Role requests can be automatically routed to designated approvers. Approvers can be assigned to approve requests for specified Business Units, Users, Roles, or for all Roles/Users.
Users of ticketing systems, such as ServiceNow and Remedy, can design forms to accept Role Requests and add records to an EDI table. UAM’s Request Monitor validates the data, then creates a Role Request which will be processed according to your workflow configuration.
If a record fails validation, a notification will be sent to a nominated User, who can review and amend the data as appropriate.
This means that UAM can receive and process Role Requests from Users who don’t have access to JDE or UAM.
We provide mapping information and instructions on setting up the integration to accept data from your ticketing system forms.
These are optional, and you can decide at which stage in the process they should be run.
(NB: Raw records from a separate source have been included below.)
Lemma sum_perm4 (G : 'I_4 -> 'I_4 -> 'I_4 -> 'I_4 -> R) :
  \sum_(s : 'S_4) (-1) ^+ s * G (s (inord 0)) (s (inord 1)) (s (inord 2)) (s (inord 3))
  = \sum_(a < 4) \sum_(b < 4) \sum_(c < 4) \sum_(d < 4) eps4 a b c d * G a b c d.
Proof.
have sum_delta (x : 'I_4) (H : 'I_4 -> R) : \sum_(i < 4) (i == x)%:R * H i = H x.
  by rewrite (bigD1 x) //= eqxx mul1r big1 ?addr0 // => i /negbTE ->; rewrite mul0r.
have E (s : 'S_4) : G (s (inord 0)) (s (inord 1)) (s (inord 2)) (s (inord 3)) =
  \sum_(a < 4) \sum_(b < 4) \sum_(c < 4) \sum_(d < 4)
    (\prod_(r < 4) (quad a b c d r == s r)%:R) * G a b c d.
  have P (a b c d : 'I_4) : \prod_(r < 4) ((quad a b c d r == s r)%:R : R) =
    (d == s (inord 3))%:R * ((c == s (inord 2))%:R * ((b == s (inord 1))%:R * (a == s (inord 0))%:R)).
    rewrite !big_ord_recl big_ord0 mulr1.
    have -> : (lift ord0 (lift ord0 (lift ord0 ord0)) : 'I_4) = inord 3
      by apply/val_inj; rewrite /= inordK.
    have -> : (lift ord0 (lift ord0 ord0) : 'I_4) = inord 2 by apply/val_inj; rewrite /= inordK.
    have -> : (lift ord0 ord0 : 'I_4) = inord 1 by apply/val_inj; rewrite /= inordK.
    have -> : (ord0 : 'I_4) = inord 0 by apply/val_inj; rewrite /= inordK.
    by rewrite /quad !inordK //=; ring.
  under eq_bigr => a _ do under eq_bigr => b _ do under eq_bigr => c _ do
    under eq_bigr => d _ do rewrite P -!mulrA.
  under eq_bigr => a _ do under eq_bigr => b _ do under eq_bigr => c _ do rewrite sum_delta.
  under eq_bigr => a _ do under eq_bigr => b _ do rewrite sum_delta.
  under eq_bigr => a _ do rewrite sum_delta.
  by rewrite sum_delta.
under eq_bigr => s _ do (rewrite E mulr_sumr; under eq_bigr => a _ do (rewrite mulr_sumr;
  under eq_bigr => b _ do (rewrite mulr_sumr; under eq_bigr => c _ do rewrite mulr_sumr))).
rewrite exchange_big; apply: eq_bigr => a _.
rewrite exchange_big; apply: eq_bigr => b _.
rewrite exchange_big; apply: eq_bigr => c _.
rewrite exchange_big; apply: eq_bigr => d _.
rewrite /eps4 /determinant big_distrl; apply: eq_bigr => s _.
by rewrite mulrA; congr (_ * _ * _); apply: eq_bigr => r _; rewrite mxE.
Qed.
The check will test for SoD violations that would be caused by assigning the requested Roles in addition to the User’s existing Roles.
You also specify what happens if the SoD check fails; i.e. the request can be automatically denied, or you may allow the approver to allow the request anyway.
You can manually request an SoD check at any stage. For example, if there is a delay between requesting the Role and approving it, you can re-run the SoD check in case the User has been granted any additional Roles in the meantime.
Notifications are automatically sent to approvers as soon as the Roles are requested, with full information, including the result of the SoD check (where used).
These messages also include links that the approvers can use to approve or reject the requests, so they don’t need to be logged into JDE to process requests.
Requestors also receive email notifications to inform them of the request status.
^ Example of an email notification
Once Roles have been approved, UAM can automatically assign them to the User, if you wish.
UAM can also be configured to automatically assign Role requests which pass an SoD check, without requiring approval.
All provisioning activity is logged with a date and time stamp, so you can see exactly who requested, approved and assigned what and when.
This provides evidence for auditors who are testing that Role assignments are authorized appropriately. It also provides evidence for internal enquiries or escalations, in the event that incorrect Roles are assigned, or if people perceive that undue delays have occurred.
UAM can also keep an audit trail of all changes to:
- Workflow activity rules
- Approvers
- SoD rules.
You can attach notes to Role requests, e.g. if you need to record external documentation associated with the request.
If required, ticket numbers can be recorded on the Role requests. As part of configuring your process, you can specify that ticket numbers are mandatory at certain stages.